These Gaussian processes are often not observed directly, but represent some latent state of the system that is observed through some other noisy process. In the case of price volatility, the returns are observed, but the underlying variance is not. In population dynamics, the true population size is typically not measured directly, but observed through surveying a subset of the population or using a technique such as mark-recapture. Thus, we can model the dynamics using a stochastic process governing the underlying latent variable, and the measurement noise associated with observing the variable.

##Ornstein-Uhlenbeck Process
The Ornstein-Uhlenbeck process can be seen as the continuous time generalization to an auto-regressive process.  In an autoregressive model:

$$x_{t} = \alpha (\mu -  x_{t-1}) + \sigma \epsilon$$

Where $\epsilon \sim \mathcal N (0, 1)$. Under this formulation $\mu$ represents the mean to which the process reverts, $alpha$ represents the strength of mean reversion, and $\sigma$ represents the strength of the deviations from the mean.
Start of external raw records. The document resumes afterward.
Lemma RInt_split m : 0 <= m <= 1 ->
  I = RInt (integrand (- s) a) 0 m + RInt (integrand (- s) a) m 1.
Proof.
  intros hm. symmetry.
  apply (RInt_Chasles (V := R_CompleteNormedModule)); apply ex_RInt_integrand; lra.
Qed.

Lemma scaled_integral_ge :
  (1 - lower_rate c u / u / u - / u) / lower_rate c u <= s * I.
Proof.
  assert (hc : 0 < c) by exact (opp_ln_pos a ha0 ha1). pose proof sqr_ln_le.
  set (L := lower_rate c u).
  assert (hL : u <= L) by (apply lower_rate_ge; lra).
  assert (huu : 4 <= u * u) by nra.
  assert (hsuu : 1 <= s * (u * u)) by nra.
  set (eta := / (s * (u * u))).
  assert (heta : 0 < eta <= 1).
  { unfold eta. split; [apply Rinv_0_lt_compat; lra |].
    rewrite <- Rinv_1. apply Rinv_le_contravar; lra. }
  assert (hln : ln (a * eta) = - L).
  { unfold eta.
    rewrite ln_mult, ln_Rinv, !ln_mult, hsu by (try apply Rinv_0_lt_compat; nra).
    unfold L, lower_rate, c. ring. }
  assert (hk : s * L <> 0) by nra.
  assert (hhead : 0 <= RInt (integrand (- s) a) 0 eta).
  { apply RInt_ge_0; [lra | apply ex_RInt_integrand; lra |].
    intros x _. left. apply exp_pos. }
  pose proof (RInt_integrand_ge a s L eta 1 ha0 ltac:(lra) ltac:(lra) ltac:(lra) hk) as htail.
  rewrite (RInt_split eta) by lra. fold I.
  replace (- (s * L) * eta) with (- (L / u / u)) in htail by (unfold eta; field; nra).
  pose proof (exp_ineq1_le (- (L / u / u))).
  assert (hfar : exp (- (s * L) * 1) <= / u).
  { rewrite Rmult_1_r. eapply Rle_trans; [apply exp_opp_le_inv; nra |].
    apply Rinv_le_contravar; nra. }
  apply Rle_trans with ((exp (- (L / u / u)) - exp (- (s * L) * 1)) / L).
  { apply Rmult_le_compat_r; [left; apply Rinv_0_lt_compat |]; lra. }
  replace ((exp (- (L / u / u)) - exp (- (s * L) * 1)) / L)
    with (s * ((exp (- (L / u / u)) - exp (- (s * L) * 1)) / (s * L))) by (field; lra).
  apply Rmult_le_compat_l; lra.
Qed.
Theorem proposition19p5 (F : fieldType) (d : nat) (A B C : 'M[F]_(d.+1))
  (Vs Vs' Vs'' : nat -> 'M[F]_(d.+1)) :
  LR_triple A B C ->
  XY_decomposition A B Vs -> XY_decomposition B C Vs' -> XY_decomposition C A Vs'' ->
  let E := comp_proj Vs in
  let E' := comp_proj Vs' in
  let E'' := comp_proj Vs'' in
  let bipartite :=
    forall i, (i <= d)%N ->
      [/\ \tr (C *m E i) = 0, \tr (A *m E' i) = 0 & \tr (B *m E'' i) = 0] in
  let idem_centralizer (X : 'M[F]_(d.+1)) :=
    forall i, (i <= d)%N ->
      [/\ X *m E i = E i *m X, X *m E' i = E' i *m X & X *m E'' i = E'' i *m X] in
  let J := \sum_(j < (d./2).+1) E (2 * j)%N in
  (d = 0%N ->
     (forall X, idem_centralizer X <-> exists c : F, X = c%:M) /\
     (forall c : F, c%:M = 0 :> 'M[F]_(d.+1) -> c = 0)) /\
  (~ bipartite ->
     (forall X, idem_centralizer X <-> exists c : F, X = c%:M) /\
     (forall c : F, c%:M = 0 :> 'M[F]_(d.+1) -> c = 0)) /\
  (bipartite -> (0 < d)%N ->
     (forall X, idem_centralizer X <-> exists a b : F, X = a%:M + b *: J) /\
     (forall a b : F, a%:M + b *: J = 0 -> a = 0 /\ b = 0)).
Proof.
move=> _ dAB dBC dCA E E' E'' bip idc J.
have [dV _] := dAB; have [dV' _] := dBC; have [dV'' _] := dCA.
have bAB := XY_decomposition_lr_basis dAB; have bBC := XY_decomposition_lr_basis dBC.
have bCA := XY_decomposition_lr_basis dCA.
have cent X : idc X <-> _ := idem_centralizer_diag X dV dV' dV''.
have scalar_cent c : idc c%:M by move=> i _; split; rewrite scalar_mxC.
have scalar_free c : c%:M = 0 :> 'M[F]_d.+1 -> c = 0.
  by move/matrixP/(_ 0 0); rewrite !mxE eqxx.
split; [|split].
- by move=> d0; split=> // X; split=> [_|[c ->] //]; exists (X 0 0); apply: dim1_scalar_mx.
- move=> nbip; split=> // X; split=> [/cent XD|[c ->] //].
  have [d0|d_gt0] := posnP d; first by exists (X 0 0); apply: dim1_scalar_mx.
  apply: (lr_triple_centralizer_scalar bAB bBC bCA XD d_gt0).
  have /forallPn[i] : ~~ [forall i : 'I_d.+1,
      [&& \tr (C *m E i) == 0, \tr (A *m E' i) == 0 & \tr (B *m E'' i) == 0]].
    apply/negP => /forallP h; apply: nbip => i hi.
    by have /and3P[/eqP-> /eqP-> /eqP->] := h (Ordinal (hi : (i < d.+1)%N)).
  by rewrite !negb_and /E /E' /E'' !mxtrace_comp_proj //; exists i.
- move=> hbip d_gt0.
  have C0 j : conjmx (dec_basis Vs) C j j = 0.
    by have [+ _ _] := hbip j (leq_ord j); rewrite /E mxtrace_comp_proj.
  have -> : J = conjmx (invmx (dec_basis Vs)) even_diag := sum_even_comp_proj dV.
  have [JP JP' JP''] := even_centralizer bAB bBC bCA C0.
  split=> [X|a b]; last exact: scalar_even_diag_free (lr_basis_unit bAB) d_gt0.
  split=> [/cent[XP XP' _]|[a [b ->]]].
    exact: (centralizer_even_diag bAB bBC bCA XP XP').
  by apply/cent; split; (rewrite conjmx_scalarD; [apply: is_diag_scalarD | exact: dec_basis_unit]).
Qed.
The autorgressive model can be generalized to continuous time, where it becomes the Ornstein-Uhlenbeck process, and is characterized by the stochastic differential equation (SDE):

$$dx_t = \lambda (\mu - x_t)dt + \sqrt{2 \kappa \lambda} \, dZ_t$$

Which states that the instantanous change of $x$ at time $t$ is governed by a deterministic portion and a stochastic portion. The deterministic portion is proportional to the mean reversion rate, \textit{i.e.}, $\lambda$, and the distance of $x$ at time $t$ from the mean, \textit{i.e.} $\mu$. The stochastic portion, $\sqrt{2 \kappa \lambda}  dZ_t$ represents instantaneous noise, $dZ_t$ scaled by $\sqrt{2 \kappa \lambda}$ where $\kappa$ represents the magnitude of deviations from the mean. In the case of the standard Ornstein-Uhlenbeck, the driving process $dZ_t$, is taken to be Brownian motion.
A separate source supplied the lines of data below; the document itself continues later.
Lemma muni_coef (p : {mpoly rat[n.+1]}) (m : 'X_{1..n.+1}) :
  ((muni p)`_(m ord_max))@_(mnm_front m) = p@_m.
Proof.
rewrite muniE coef_sum raddf_sum /=.
rewrite (eq_bigr (fun m0 => p@_m0 * (m0 == m)%:R)); last first.
  move=> m0 _; rewrite coefZ coefXn.
  have [-> | ne] := eqVneq m0 m.
    by rewrite eqxx mulr1 mcoeffZ mcoeffX eqxx mulr1.
  case: eqP => h; last by rewrite mulr0 mcoeff0 mulr0.
  rewrite mulr1 mcoeffZ mcoeffX; case: eqP => h2; last by rewrite !mulr0.
  by case/eqP: ne; apply: mnm_front_eq => //; rewrite h.
have [mp | mp] := boolP (m \in msupp p).
  rewrite (bigD1_seq m) ?msupp_uniq //= eqxx mulr1 big1 ?addr0 //.
  by move=> m0 /negbTE ->; rewrite mulr0.
rewrite big1_seq ?(memN_msupp_eq0 mp) // => m0 /andP [_ m0p].
by have [e|] := eqVneq m0 m; [rewrite -e m0p in mp | rewrite mulr0].
Qed.

Lemma muni_eq0 (p : {mpoly rat[n.+1]}) : muni p = 0 -> p = 0.
Proof. by move=> p0; apply/mpolyP => m; rewrite -muni_coef p0 coef0 !mcoeff0. Qed.

End Multinomials.

Section AlgebraicIndependence.
Variable R : realType.
Local Notation C := R[i].

Lemma nth_codom_ord n (w : 'I_n -> C) (i : 'I_n) : nth 0 (codom w) i = w i.
Proof. by rewrite codomE (nth_map i) ?size_enum_ord // nth_ord_enum. Qed.

Lemma size_codom_ord n (w : 'I_n -> C) : size (codom w) = n.
Proof. by rewrite size_codom card_ord. Qed.

Lemma mem_take_codom n (w : 'I_n -> C) i c :
  c \in take i (codom w) -> exists2 j : 'I_n, (j < i)%N & c = w j.
Proof.
move=> /(nthP 0) [t]; rewrite size_take_min leq_min size_codom_ord => /andP [lt_ti lt_tn] <-.
by exists (Ordinal lt_tn); rewrite // nth_take // (nth_codom_ord w (Ordinal lt_tn)).
Qed.

Lemma take_codom_widen n (w : 'I_n.+1 -> C) i : (i <= n)%N ->
  take i (codom w) = take i (codom (fun j : 'I_n => w (widen_ord (leqnSn n) j))).
Proof.
move=> le_in; rewrite [in LHS]codomE enum_ordSr map_rcons -map_comp -codomE.
rewrite -cats1 take_cat size_codom_ord; case: ltnP => // le_ni.
have -> : i = n by apply/eqP; rewrite eqn_leq le_in.
by rewrite subnn take0 cats0 take_oversize ?size_codom_ord.
Qed.

Lemma qeval_muni n (w : 'I_n.+1 -> C) P :
  qeval w P = (map_poly (qeval (fun j => w (widen_ord (leqnSn n) j))) (muni P)).[w ord_max].
Proof.
rewrite muniE qevalE rmorph_sum horner_sum /=; apply: eq_bigr => m _.
rewrite map_polyZ /= map_polyXn hornerZ hornerXn.
rewrite /qeval mmapZ mmapX /mmap1 big_ord_recr /= mulrA; congr (_ * _ * _).
by apply: eq_bigr => i _; rewrite mnmE.
Qed.

Lemma qeval_eq0_algebraic_prefix N (w : 'I_N -> C) (P : {mpoly rat[N]}) :
  P != 0 -> qeval w P = 0 -> exists i : 'I_N, algebraic_gen (take i (codom w)) (w i).
Proof.
elim: N w P => [|N IH] w P P0 wP.
  have eP : P = (P@_0%MM)%:MP.
    by apply/mpolyP => m; rewrite mcoeffC (_ : m = 0%MM) ?eqxx ?mulr1 //; apply/mnmP => -[].
  by move: P0 wP; rewrite eP qevalC mpolyC_eq0 => /negbTE c0 /eqP; rewrite fmorph_eq0 c0.
pose w' j := w (widen_ord (leqnSn N) j).
have uP0 : muni P != 0 by apply: contra_neq P0; apply: muni_eq0.
have [Pw'0 | Pw'0] := eqVneq (map_poly (qeval w') (muni P)) 0.
  have lc0 : lead_coef (muni P) != 0 by rewrite lead_coef_eq0.
  have lcw' : qeval w' (lead_coef (muni P)) = 0 by rewrite -coef_map Pw'0 coef0.
  have [i hi] := IH w' _ lc0 lcw'.
  exists (widen_ord (leqnSn N) i).
  by rewrite take_codom_widen; [exact: hi | exact: ltnW (ltn_ord i)].
exists ord_max; rewrite take_codom_widen // take_oversize ?size_codom_ord //.
exists (map_poly (qeval w') (muni P)); split=> //; split; last by rewrite /root -qeval_muni wP.
move=> k; rewrite coef_map; apply: qeval_mem; first exact: gen_field_subfield.
by move=> j; apply/gen_field_mem/codom_f.
Qed.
This formulation is used by Fuglstad among others [@Fuglstad2017]. However the SDE can also be written as $dx_t = \lambda (\mu - x_t)dt + \sigma dZ_t$. The Fuglstad representation is advantageous since $\tfrac {\sigma^2} \lambda$ is identifiable under infill asymptotics while $\sigma$ and $\lambda$ individually are not.

The half life, or expected time for a deviation from the mean to revert to half its magnitude is characterized by $\frac{\log 2}{\lambda}$.


When $dZt$ is taken to be standard Brownian motion, and the process has reached its stationary distribution at $t_0$ then the value of $X$ at time $t$, $X_t$, conditioned on $X$ at the start of the observation, $X_0$ is normally distributed:

$$X_t | X_0 \sim \mathcal N \left( \mu - (\mu - X_0) e^{- \lambda t}, \kappa (1 -  e^{-2\lambda t}) \right)$$

and, 

$$\mbox{Cov}[X_t, X_{t+\Delta t}] = \kappa e^{-\lambda \Delta t}.$$

If we have discrete observations at times $\{t_1, t_2, \dots, t_n\}$, which need not be spaced evenly, then the probability distribution can be expressed as a multivariate normal.
$$\vec X \sim \mathcal{N}(\mu, \Sigma)$$
Where: $\Sigma_{ij} = \kappa e^{-\lambda |t_i - t_j|}$.

This allows for a particularly efficient formulation in which $\Sigma^{-1}$ is a tridiagonal matrix [@Finley2007], with diagonal elements:

$$
\Sigma^{-1}_{ii} = 
\begin{cases}
1 + \frac{e^{-2\lambda (t_2 - t_1)}}{1 - e^{-2\lambda (t_2 - t_1) }} & \text{for } i = 1\\
1 + \frac{e^{-2\lambda (t_n - t_{n-1})}}{1 - e^{-2\lambda (t_n - t_{n-1}) }} & \text{for } i = n \\
1 + \frac{e^{-2\lambda (t_i - t_{i-1})}}{1 - e^{-2\lambda (t_i - t_{i-1})}} 
+ \frac{e^{-2\lambda (t_{i+1} - t_{i})}}{1 - e^{-2\lambda (t_{i+1} - t_{i})}} & \text{otherwise}
\end{cases}
$$


super- and sub-diagonal elements:
$$
\Sigma^{-1}_{ij} = 
\begin{cases}
\frac{e^{-\lambda |t_i - t_j|}}{1 - e^{-2\lambda|t_i-t_j|}} & \text{for } |i - j| = 1\\
0 & \text{for } |i - j| > 0
\end{cases}
$$


##Measurement process
Often the underlying data is not observed directly, but rather from some measurement process that introduces noise into the estimates. If the the measurement process introduces i.i.d. Gaussian noise with mean 0 and variance $\eta$ we have.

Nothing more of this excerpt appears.